Cyclodextrin-Based Nanoparticles for Delivery of Antisense Oligonucleotides Targeting Huntingtin

Huntington's disease (HD) is a progressive inherited neurodegenerative disease caused by a CAG repeat expansion in the huntingtin gene, which is translated into the pathologic mutant huntingtin (mHTT) protein. Despite the great potential of HTT lowering strategies and the numerous antisense oligonucleotides (ASOs) in pre- and clinical trials, sustained silencing of mHTT has not been achieved. As a strategy to improve ASO delivery, cyclodextrin-based nanoparticles (CDs) offer a promising approach.
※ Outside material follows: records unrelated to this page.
Definition indep_sets_in (l : seq T) (f : pred T) (k : nat) : {set {set T}} :=
  [set A : {set T} |
    [&& [forall a in A, (a \in l) && ~~ f a], independent e A & #|A| == k]].

Lemma indep_sets_in_small l f k : size l < k -> indep_sets_in l f k = set0.
Proof.
move=> hk; apply/setP => A; rewrite !inE; apply/negbTE/negP.
case/and3P=> /forallP hA _ /eqP hAk.
have : #|A| <= size l.
  apply: leq_trans (card_size l); apply: subset_leq_card; apply/subsetP => a aA.
  by have /andP[] := implyP (hA a) aA.
by rewrite hAk leqNgt hk.
Qed.

Lemma card_indep_sets_in_nil f : #|indep_sets_in [::] f 0| <= 1.
Proof.
rewrite -(cards1 (set0 : {set T})); apply: subset_leq_card; apply/subsetP => A.
by rewrite !inE => /and3P[_ _ /eqP /cards0_eq ->].
Qed.

Lemma card_indep_sets_in_cons v l f k : v \notin l ->
  #|indep_sets_in (v :: l) f k| <= #|indep_sets_in l f k| +
     (if k is k'.+1 then
        (if f v then 0 else #|indep_sets_in l (fun w => f w || e v w) k'|)
      else 0).
Proof.
move=> vl; rewrite -(cardsID [set A : {set T} | v \in A]) addnC.
apply: leq_add.
  apply: subset_leq_card; apply/subsetP => A.
  rewrite !inE => /andP[vA /and3P[/forallP hA ind hk]].
  apply/and3P; split => //; apply/forallP => a; apply/implyP => aA.
  have := hA a; rewrite aA /= inE => /andP[/orP[/eqP av|al] ->]; last by rewrite al.
  by move: vA; rewrite -av aA.
case: k => [|k].
  rewrite leqn0 cards_eq0; apply/eqP/setP => A; rewrite !inE.
  by apply/negbTE/negP => /andP[/and3P[_ _ /eqP /cards0_eq ->]]; rewrite inE.
case fv: (f v).
  rewrite leqn0 cards_eq0; apply/eqP/setP => A; rewrite !inE.
  apply/negbTE/negP => /andP[/and3P[/forallP hA _ _] vA].
  by have := hA v; rewrite vA fv andbF.
set S := (_ :&: _).
have inj : {in S &, injective (fun A : {set T} => A :\ v)}.
  move=> A B; rewrite !inE => /andP[_ vA] /andP[_ vB] h.
  by rewrite -(setD1K vA) -(setD1K vB) h.
rewrite -(card_in_imset inj); apply: subset_leq_card; apply/subsetP => B.
case/imsetP => A; rewrite !inE => /andP[/and3P[/forallP hA /forallP ind /eqP hAk] vA] ->.
apply/and3P; split.
- apply/forallP => a; apply/implyP; rewrite !inE => /andP[av aA].
  have := hA a; rewrite aA /= inE (negbTE av) /= => /andP[al nfa].
  rewrite al /= negb_or nfa /=.
  by have := ind v; rewrite vA /= => /forallP /(_ a); rewrite aA.
- apply/forallP => x; apply/implyP; rewrite inE => /andP[_ xA].
  apply/forallP => y; apply/implyP; rewrite inE => /andP[_ yA].
  by have := ind x; rewrite xA /= => /forallP /(_ y); rewrite yA.
- by move: hAk; rewrite (cardsD1 v A) vA add1n => -[->].
Qed.

Lemma nindep_le_card_indep_sets m : nindep e m <= #|indep_sets_in (enum T) pred0 m|.
Proof.
apply: subset_leq_card; apply/subsetP => A; rewrite !inE => /andP[ind hk].
by apply/and3P; split => //; apply/forallP => a; apply/implyP => _; rewrite mem_enum.
Qed.
End IndepSets.

Lemma nindep_le_binomial (T : finType) (e : rel T) m : nindep e m <= 'C(#|T|, m).
Proof.
rewrite /nindep -card_draws; apply: subset_leq_card; apply/subsetP => A.
by rewrite !inE => /andP[_ ->].
Qed.

Lemma nindep_gt_card (T : finType) (e : rel T) m : #|T| < m -> nindep e m = 0.
Proof. by move=> hm; apply/eqP; rewrite -leqn0 -(bin_small hm) nindep_le_binomial. Qed.

Lemma nindep_card_eq0 (T : finType) (e : rel T) : 0 < nedges e -> nindep e #|T| = 0.
Proof.
rewrite card_gt0 => /set0Pn[B]; rewrite inE => /existsP[x /existsP[y /andP[exy _]]].
apply/eqP; rewrite cards_eq0; apply/eqP/setP => A; rewrite !inE.
apply/negbTE/negP => /andP[ind /eqP hA].
have AT : A = setT by apply/eqP; rewrite eqEcard subsetT cardsT hA leqnn.
move: ind; rewrite AT => /forallP /(_ x) /implyP /(_ (in_setT x)) /forallP /(_ y).
by rewrite in_setT exy.
Qed.

Local Open Scope R_scope.

Lemma exp_le_exp x y : x <= y -> exp x <= exp y.
Proof.
by case/Rle_lt_or_eq_dec => [/exp_increasing/Rlt_le|->] //; exact: Rle_refl.
Qed.

Lemma ln_le x y : 0 < x -> x <= y -> ln x <= ln y.
Proof.
by move=> x0; case/Rle_lt_or_eq_dec => [/(ln_increasing _ _ x0)/Rlt_le|->] //; exact: Rle_refl.
Qed.

Lemma mul_exp_le A x y : 0 < A -> ln A <= x - y -> A * exp (- x) <= exp (- y).
Proof.
by move=> A0 h; rewrite -{1}(exp_ln A A0) -exp_plus; apply: exp_le_exp; lra.
Qed.

Lemma Rpower_ge1 x y : 0 < x <= 1 -> y <= 0 -> 1 <= Rpower x y.
Proof.
move=> [x0 x1] y0; rewrite -exp_0 /Rpower; apply: exp_le_exp.
by have := ln_le x0 x1; rewrite ln_1; nra.
Qed.

(* Stdlib's [ln] is 0 outside (0, +oo), so [Rpower 0 x = 1]. *)
Lemma Rpower_INR_le1 n x : (n <= 1)%nat -> Rpower (INR n) x = 1.
Proof.
case: n => [|[|//]] _; rewrite /Rpower; last by rewrite /= ln_1 Rmult_0_r exp_0.
rewrite /ln; case: (Rlt_dec 0 (INR 0)) => [/Rlt_irrefl //|_].
by rewrite Rmult_0_r exp_0.
Qed.

Section IndepProb.
Variables (T : finType) (e : rel T) (p : R).
Hypotheses (hp0 : 0 < p) (hp1 : p < 1).

(* The probability that a p-random subset of [l] is independent and avoids [f]. *)
Fixpoint indep_prob (l : seq T) (f : pred T) : R :=
  if l is v :: l' then
    (1 - p) * indep_prob l' f +
    (if f v then 0 else p * indep_prob l' (fun w => f w || e v w))
  else 1.

Lemma indep_prob_ge0 l f : 0 <= indep_prob l f.
Proof.
elim: l f => [|v l IH] f /=; first lra.
have := IH f; have := IH (fun w => f w || e v w); case: (f v); nra.
Qed.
Here, three CDs with distinct chemical structures were designed and their efficacies were compared as potential platforms for the delivery of ASO targeting HTT. Results using striatal neurons and HD patient-derived fibroblasts indicate that modified gamma-CDs exhibited the best uptake efficiency and successfully downregulated mHTT at protein and allele levels. The incorporation of the brain-targeting peptide RVG into the modified gamma-CDs showed greater downregulation of mHTT protein and HD-causing allele SNP1 than untargeted ones in an in vitro blood-brain barrier model. Although the ASO sequence was designed as a nonallele-specific therapeutic approach, our strategy gives an additional benefit of some mHTT selectivity. Overall, this study demonstrated the CD platform's feasibility for delivering ASO-based therapeutics for HD treatment.

Automated summary

Huntington's disease (HD) is a neurodegenerative disease caused by a genetic mutation, and effective treatment options are still lacking. In this study, cyclodextrin-based nanoparticles (CDs) were used as a delivery system for antisense oligonucleotides (ASOs) to target the mutant huntingtin (mHTT) protein. Modified gamma-CDs showed the highest efficiency in delivering ASOs and successfully downregulated the levels of mHTT protein. Incorporating a brain-targeting peptide into the modified gamma-CDs further improved the downregulation effect. This study demonstrates the feasibility of using CDs as a platform for delivering ASO-based therapeutics for the treatment of HD.